Around him was his personal security team, a hand-selected group of men from a private security firm known for attracting mercenaries looking for easy work. Once Fairchild was at the door of the house, the security team broke formation. Two went to man the gates, six to patrol the grounds, and three to enter before Enlil and inspect every room.
Thunder rumbled in the distant gray.
“A storm is coming.”
“That it is.”
Nicolas then handed Fairchild an envelope. It was sealed with the crest of the Bene-seneschal.

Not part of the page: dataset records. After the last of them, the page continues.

(* Let $R$ be a ring. Let $(M_\alpha,\varphi_{\alpha\beta})$ be an inverse system of injective left $R$-modules indexed by a countable upward directed poset $I$, with surjective homomorphisms $\varphi_{\alpha\beta}:M_\beta\to M_\alpha$ ($\alpha\le\beta$), and let $M=\varprojlim M_\alpha$ with canonical maps $\pi_\alpha:M\to M_\alpha$. Let $(N_\gamma,\psi_{\delta\gamma})$ be a direct system of projective left $R$-modules indexed by a countable upward directed poset $J$, with one-to-one homomorphisms $\psi_{\delta\gamma}:N_\gamma\to N_\delta$ ($\gamma\le\delta$), and let $N=\varinjlim N_\gamma$ with canonical maps $\iota_\gamma:N_\gamma\to N$. Then for any $\gamma\in J$, $\alpha\in I$ and any homomorphism $f:N_\gamma\to M_\alpha$, there exists a homomorphism $h:N\to M$ such that $f=\pi_\alpha\circ h\circ\iota_\gamma$.
   Context: Rings are associative with unit, modules are unital. In both the direct and inverse systems the index sets are upward directed; connecting maps of the inverse system go from higher to lower indices, those of the direct system from lower to higher indices. *)

From HB Require Import structures.
From mathcomp Require Import all_boot all_order all_algebra.
Set Implicit Arguments. Unset Strict Implicit. Unset Printing Implicit Defensive.
Import GRing.Theory.
Local Open Scope ring_scope.

Definition injective_module (R : pzRingType) (E : lmodType R) : Prop :=
  forall (X Y : lmodType R) (i : {linear X -> Y}) (f : {linear X -> E}),
    injective i -> exists g : {linear Y -> E}, forall x, g (i x) = f x.

Definition projective_module (R : pzRingType) (P : lmodType R) : Prop :=
  forall (X Y : lmodType R) (p : {linear X -> Y}) (f : {linear P -> Y}),
    (forall y, exists x, p x = y) -> exists g : {linear P -> X}, forall x, p (g x) = f x.

Definition countable_directed_poset (I : Type) (le : I -> I -> bool) : Prop :=
  (forall a, le a a) /\
  (forall a b, le a b -> le b a -> a = b) /\
  (forall a b c, le a b -> le b c -> le a c) /\
  (forall a b, exists c, le a c && le b c) /\
  inhabited I /\
  (exists e : I -> nat, injective e).

(* Inverse system: phi a b : M b -> M a for a <= b (values for a not <= b are
   irrelevant). *)
Definition inverse_system (R : pzRingType) (I : Type) (le : I -> I -> bool)
  (M : I -> lmodType R) (phi : forall a b, {linear M b -> M a}) : Prop :=
  (forall a x, phi a a x = x) /\
  (forall a b c, le a b -> le b c -> forall x, phi a b (phi b c x) = phi a c x).

Definition direct_system (R : pzRingType) (J : Type) (le : J -> J -> bool)
  (N : J -> lmodType R) (psi : forall d g, {linear N g -> N d}) : Prop :=
  (forall g x, psi g g x = x) /\
  (forall g d e, le g d -> le d e -> forall x, psi e d (psi d g x) = psi e g x).

Definition is_inverse_limit (R : pzRingType) (I : Type) (le : I -> I -> bool)
  (M : I -> lmodType R) (phi : forall a b, {linear M b -> M a})
  (L : lmodType R) (pi : forall a, {linear L -> M a}) : Prop :=
  (forall a b, le a b -> forall x, phi a b (pi b x) = pi a x) /\
  (forall (X : lmodType R) (g : forall a, {linear X -> M a}),
     (forall a b, le a b -> forall x, phi a b (g b x) = g a x) ->
     exists u : {linear X -> L},
       (forall a x, pi a (u x) = g a x) /\
       (forall u' : {linear X -> L}, (forall a x, pi a (u' x) = g a x) ->
          forall x, u' x = u x)).

Definition is_direct_limit (R : pzRingType) (J : Type) (le : J -> J -> bool)
  (N : J -> lmodType R) (psi : forall d g, {linear N g -> N d})
  (L : lmodType R) (iota : forall g, {linear N g -> L}) : Prop :=
  (forall g d, le g d -> forall x, iota d (psi d g x) = iota g x) /\
  (forall (X : lmodType R) (k : forall g, {linear N g -> X}),
     (forall g d, le g d -> forall x, k d (psi d g x) = k g x) ->
     exists u : {linear L -> X},
       (forall g x, u (iota g x) = k g x) /\
       (forall u' : {linear L -> X}, (forall g x, u' (iota g x) = k g x) ->
          forall x, u' x = u x)).

From HB Require Import structures.
From mathcomp Require Import all_boot all_order all_algebra.
From Stdlib Require Import ClassicalEpsilon.

(* Since I and J are countable and directed, there are monotone
   cofinal chains a = a_0 <= a_1 <= ... in I and g = g_0 <= g_1 <= ... in J.
   Along these chains we build, by recursion, maps h_k : N_{g_k} -> M_{a_k}
   with h_0 = f, each h_{k+1} lifting h_k: the map h_k extends along the
   monomorphism psi_{g_{k+1} g_k} because M_{a_k} is injective, and the
   extension lifts along the epimorphism phi_{a_k a_{k+1}} because
   N_{g_{k+1}} is projective.  Restricting h_k to N_d and projecting to M_b
   for k large (cofinality) gives a family of maps N_d -> M_b that is
   independent of k and compatible with both systems; by the universal
   properties of the limit and the colimit it induces h : N -> M. *)

Set Implicit Arguments.
Unset Strict Implicit.
Unset Printing Implicit Defensive.

Local Open Scope ring_scope.

Lemma countable_directed_chain_data (I : Type) (le : rel I) :
  countable_directed_poset le ->
  exists (ub : I -> I -> I) (idx : I -> nat) (enum : nat -> I),
    (forall x y, le x (ub x y) && le y (ub x y)) /\ cancel idx enum.
Proof.
case=> _ [_ [_ [dir [[x0] [idx idx_inj]]]]].
exists (fun x y => epsilon (inhabits x) (fun c => le x c && le y c)), idx,
  (fun n => epsilon (inhabits x0) (fun b => idx b = n)).
split=> [x y|b]; first exact: epsilon_spec (dir x y).
apply: idx_inj; exact: (epsilon_spec _ (fun c => idx c = idx b) (ex_intro _ b erefl)).
Qed.

Section CofinalChain.
Variables (I : Type) (le : rel I) (ub : I -> I -> I) (enum : nat -> I).
Hypothesis le_refl : forall x, le x x.
Hypothesis le_trans : forall x y z, le x y -> le y z -> le x z.
Hypothesis le_ub : forall x y, le x (ub x y) && le y (ub x y).

Fixpoint chain (a : I) (k : nat) : I :=
  if k is k'.+1 then ub (chain a k') (enum k') else a.

Lemma chain_mono a : {homo chain a : k k' / (k <= k')%N >-> le k k'}.
Proof.
apply: homo_leq => // [y x z|k]; first exact: le_trans.
by case/andP: (le_ub (chain a k) (enum k)).
Qed.

Lemma chain_cofinal a n : le (enum n) (chain a n.+1).
Proof. by case/andP: (le_ub (chain a n) (enum n)). Qed.

End CofinalChain.

Lemma extend_and_lift (R : pzRingType) (N N' M M' : lmodType R)
    (i : {linear N -> N'}) (p : {linear M' -> M}) :
  injective i -> (forall y, exists x, p x = y) ->
  injective_module M -> projective_module N' ->
  forall h : {linear N -> M},
    exists h' : {linear N' -> M'}, forall x, p (h' (i x)) = h x.
Proof.
move=> i_inj p_surj M_inj N'_proj h.
have [e eE] := M_inj _ _ i h i_inj.
have [h' h'E] := N'_proj _ _ p e p_surj.
by exists h' => x; rewrite h'E eE.
Qed.

Section Tower.
Variables (R : pzRingType) (I J : Type) (leI : rel I) (leJ : rel J).
Variables (M : I -> lmodType R) (phi : forall a b, {linear M b -> M a}).
Variables (N : J -> lmodType R) (psi : forall d g, {linear N g -> N d}).
Hypothesis Hphi : inverse_system leI phi.
Hypothesis Hpsi : direct_system leJ psi.
Variables (a_ : nat -> I) (g_ : nat -> J).
Hypothesis a_mono : {homo a_ : k k' / (k <= k')%N >-> leI k k'}.
Hypothesis g_mono : {homo g_ : k k' / (k <= k')%N >-> leJ k k'}.

Definition compatible_tower (h : forall k, {linear N (g_ k) -> M (a_ k)}) :=
  forall k k', (k <= k')%N ->
    forall x, phi (a_ k) (a_ k') (h k' (psi (g_ k') (g_ k) x)) = h k x.

Section Construction.
Hypothesis Minj : forall a, injective_module (M a).
Hypothesis Nproj : forall g, projective_module (N g).
Hypothesis phi_surj :
  forall a b, leI a b -> forall y : M a, exists x, phi a b x = y.
Hypothesis psi_inj : forall g d, leJ g d -> injective (psi d g).

Lemma tower_exists (f : {linear N (g_ 0) -> M (a_ 0)}) :
  exists h : forall k, {linear N (g_ k) -> M (a_ k)},
    (forall x, h 0%N x = f x) /\ compatible_tower h.
Proof.
have [phi_id phi_comp] := Hphi; have [psi_id psi_comp] := Hpsi.
have step k (h : {linear N (g_ k) -> M (a_ k)}) :
    {h' : {linear N (g_ k.+1) -> M (a_ k.+1)} |
      forall x, phi (a_ k) (a_ k.+1) (h' (psi (g_ k.+1) (g_ k) x)) = h x}.
  apply: constructive_indefinite_description.
  apply: extend_and_lift => //.
  - exact: psi_inj (g_mono (leqnSn k)).
  - exact: phi_surj (a_mono (leqnSn k)).
pose h := fix h k : {linear N (g_ k) -> M (a_ k)} :=
  match k return {linear N (g_ k) -> M (a_ k)} with
  | 0 => f
  | k'.+1 => sval (step k' (h k'))
  end.
exists h; split=> // k k'; elim: k' => [|k' IH].
  by rewrite leqn0 => /eqP-> x; rewrite psi_id phi_id.
rewrite leq_eqVlt => /orP[/eqP-> x|]; first by rewrite psi_id phi_id.
rewrite ltnS => le_kk' x.
rewrite -(psi_comp _ _ _ (g_mono le_kk') (g_mono (leqnSn k'))).
rewrite -(phi_comp _ _ _ (a_mono le_kk') (a_mono (leqnSn k'))).
by rewrite (svalP (step k' (h k'))) IH.
Qed.

End Construction.

Section Components.
Hypothesis leI_refl : forall x, leI x x.
Hypothesis leI_trans : forall x y z, leI x y -> leI y z -> leI x z.
Hypothesis leJ_refl : forall x, leJ x x.
Hypothesis leJ_trans : forall x y z, leJ x y -> leJ y z -> leJ x z.
Variable h : forall k, {linear N (g_ k) -> M (a_ k)}.
Hypothesis h_compat : compatible_tower h.
Variables (reachI : I -> nat) (reachJ : J -> nat).
Hypothesis reachI_le : forall b, leI b (a_ (reachI b)).
Hypothesis reachJ_le : forall d, leJ d (g_ (reachJ d)).

Lemma tower_restriction_stable d b k k' x :
  (k <= k')%N -> leJ d (g_ k) -> leI b (a_ k) ->
  phi b (a_ k') (h k' (psi (g_ k') d x)) = phi b (a_ k) (h k (psi (g_ k) d x)).
Proof.
move=> le_kk' le_d le_b; have [_ phi_comp] := Hphi; have [_ psi_comp] := Hpsi.
rewrite -(psi_comp _ _ _ le_d (g_mono le_kk')).
by rewrite -(phi_comp _ _ _ le_b (a_mono le_kk')) h_compat.
Qed.

Definition stage (d : J) (b : I) : nat := maxn (reachJ d) (reachI b).

Lemma stage_le d b k :
  (stage d b <= k)%N -> leJ d (g_ k) /\ leI b (a_ k).
Proof.
rewrite geq_max => /andP[le_d le_b]; split.
- exact: leJ_trans (reachJ_le d) (g_mono le_d).
- exact: leI_trans (reachI_le b) (a_mono le_b).
Qed.

Definition component d b : {linear N d -> M b} :=
  phi b (a_ (stage d b)) \o h (stage d b) \o psi (g_ (stage d b)) d.

Lemma componentE d b k x : (stage d b <= k)%N ->
  component d b x = phi b (a_ k) (h k (psi (g_ k) d x)).
Proof.
move=> le_k; have [le_d le_b] := stage_le (leqnn (stage d b)).
by rewrite (tower_restriction_stable x le_k le_d le_b).
Qed.

Lemma component_cone d b b' :
  leI b b' -> forall x, phi b b' (component d b' x) = component d b x.
Proof.
move=> le_bb' x; have [_ phi_comp] := Hphi.
have le_b'k := leq_maxr (stage d b) (stage d b').
have [_ le_b'] := stage_le le_b'k.
rewrite (componentE x le_b'k) (componentE x (leq_maxl (stage d b) (stage d b'))).
exact: phi_comp.
Qed.

Lemma component_cocone d d' b :
  leJ d d' -> forall x, component d' b (psi d' d x) = component d b x.
Proof.
move=> le_dd' x; have [_ psi_comp] := Hpsi.
have le_d'k := leq_maxr (stage d b) (stage d' b).
have [le_d' _] := stage_le le_d'k.
rewrite (componentE (psi d' d x) le_d'k) (componentE x (leq_maxl (stage d b) (stage d' b))).
by rewrite psi_comp.
Qed.

Lemma component_base x : component (g_ 0) (a_ 0) x = h 0%N x.
Proof.
have [phi_id _] := Hphi; have [psi_id _] := Hpsi.
have := tower_restriction_stable x (leq0n (stage (g_ 0) (a_ 0)))
  (leJ_refl (g_ 0)) (leI_refl (a_ 0)).
by rewrite psi_id phi_id.
Qed.

End Components.
End Tower.

Lemma hom_colim_lim (R : pzRingType)
    (I : Type) (leI : rel I) (M : I -> lmodType R)
    (phi : forall a b, {linear M b -> M a})
    (Mlim : lmodType R) (pi : forall a, {linear Mlim -> M a})
    (J : Type) (leJ : rel J) (N : J -> lmodType R)
    (psi : forall d g, {linear N g -> N d})
    (Nlim : lmodType R) (iota : forall g, {linear N g -> Nlim})
    (C : forall d b, {linear N d -> M b}) :
  is_inverse_limit leI phi pi -> is_direct_limit leJ psi iota ->
  (forall d b b', leI b b' -> forall x, phi b b' (C d b' x) = C d b x) ->
  (forall d d' b, leJ d d' -> forall x, C d' b (psi d' d x) = C d b x) ->
  exists h : {linear Nlim -> Mlim}, forall d b x, pi b (h (iota d x)) = C d b x.
Proof.
move=> [_ lim_univ] [_ colim_univ] C_cone C_cocone.
have cone d := constructive_indefinite_description _ (lim_univ _ _ (C_cone d)).
pose u d := sval (cone d).
have u_cocone d d' : leJ d d' -> forall x, u d' (psi d' d x) = u d x.
  move=> le_dd' x; apply: (proj2 (svalP (cone d)) (u d' \o psi d' d)) => b y /=.
  by rewrite (proj1 (svalP (cone d'))) C_cocone.
have [h [hE _]] := colim_univ _ u u_cocone.
by exists h => d b x; rewrite hE (proj1 (svalP (cone d))).
Qed.

Theorem lemma5 (R : pzRingType)
  (I : Type) (leI : I -> I -> bool) (HI : countable_directed_poset leI)
  (M : I -> lmodType R) (phi : forall a b, {linear M b -> M a})
  (Hphi : inverse_system leI phi)
  (Minj : forall a, injective_module (M a))
  (phi_surj : forall a b, leI a b -> forall y : M a, exists x, phi a b x = y)
  (Mlim : lmodType R) (pi : forall a, {linear Mlim -> M a})
  (Hlim : is_inverse_limit leI phi pi)
  (J : Type) (leJ : J -> J -> bool) (HJ : countable_directed_poset leJ)
  (N : J -> lmodType R) (psi : forall d g, {linear N g -> N d})
  (Hpsi : direct_system leJ psi)
  (Nproj : forall g, projective_module (N g))
  (psi_inj : forall g d, leJ g d -> injective (psi d g))
  (Nlim : lmodType R) (iota : forall g, {linear N g -> Nlim})
  (Hcolim : is_direct_limit leJ psi iota) :
  forall (g : J) (a : I) (f : {linear N g -> M a}),
    exists h : {linear Nlim -> Mlim}, forall x, f x = pi a (h (iota g x)).
Proof.
move=> g a f.
have [ubI [idxI [enumI [ubI_le idxIK]]]] := countable_directed_chain_data HI.
have [ubJ [idxJ [enumJ [ubJ_le idxJK]]]] := countable_directed_chain_data HJ.
have [leI_refl [_ [leI_trans _]]] := HI; have [leJ_refl [_ [leJ_trans _]]] := HJ.
pose a_ := chain ubI enumI a; pose g_ := chain ubJ enumJ g.
have a_mono := chain_mono enumI leI_refl leI_trans ubI_le a.
have g_mono := chain_mono enumJ leJ_refl leJ_trans ubJ_le g.
pose reachI b := (idxI b).+1; pose reachJ d := (idxJ d).+1.
have reachI_le b : leI b (a_ (reachI b)).
  by rewrite -{1}(idxIK b); exact: chain_cofinal enumI ubI_le a (idxI b).
have reachJ_le d : leJ d (g_ (reachJ d)).
  by rewrite -{1}(idxJK d); exact: chain_cofinal enumJ ubJ_le g (idxJ d).
have [h [h0 h_compat]] :=
  tower_exists Hphi Hpsi a_mono g_mono Minj Nproj phi_surj psi_inj f.
have [H HE] := hom_colim_lim Hlim Hcolim
  (component_cone Hphi Hpsi a_mono g_mono leI_trans leJ_trans h_compat
     reachI_le reachJ_le)
  (component_cocone Hphi Hpsi a_mono g_mono leI_trans leJ_trans h_compat
     reachI_le reachJ_le).
exists H => x.
by rewrite HE (component_base Hphi Hpsi a_mono g_mono leI_refl leJ_refl h_compat) h0.
Qed.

“Ah!” Fairchild took it with enthusiasm, broke the wax seal, and ripped the envelope open. Then he adjusted his glasses and read the note: Thank you for your faithful service. May the Maker’s blessing go with you. Bg2.
“Shall I run the bath, sir?” asked Nicolas.
“No.”
“And what of supper?”
“I’ll take a late meal on the train. Which reminds me, have Philippe ready the carriage by six. Departure’s at eight.”
“Very good, sir.”
The majordomo disappeared down the gilded hallway into the east wing where the servants’ quarters were.
Fairchild sat in the foyer as always until the head of security returned from his personal bedchambers.
“You’re all clear, sir.”
“Thank you, Quintus.”
Fairchild climbed the grand staircase that stopped at a landing before curving up on either side to the second story. On the landing wall overlooking the foyer was a large, oil-on-canvas painting of himself, a rendering of his younger self. He posed with a victor’s stance—the chin cocked up, looking out into the distance, his right foot set on a conquered stone, fist over chest. The painting was commissioned by his sons and presented to him on his fiftieth birthday. He stopped at the top of the stairs to take a last look. It was something he never did. Looking at the gallant figure, he was reminded of how fleeting time was. The painting would remain with most of his furniture and his other less valuable possessions for the looting that would surely ensue. Even his servants—trusted servants—would be abandoned. The company relocation was a logistical nightmare but a necessary one. His estate and staff, however, were deemed expendable.
He had to consider that a move would have raised questions. There were already questions about the move of Parallel Mining. Had he moved out of his private residence, there were bound to be more questions. Fairchild had been warned of the Balean invasion by a trusted source. And the less evidence of foreknowledge, the better.
Fairchild passed the ambassador’s suite on his way to his bedchamber. In his room, he switched on the lamp beside his bed, casting a soft drowsy glow into the darkening dusk. He made his way over to the chessboard beside his work desk and studied it. Referencing the note, he then moved the white bishop accordingly.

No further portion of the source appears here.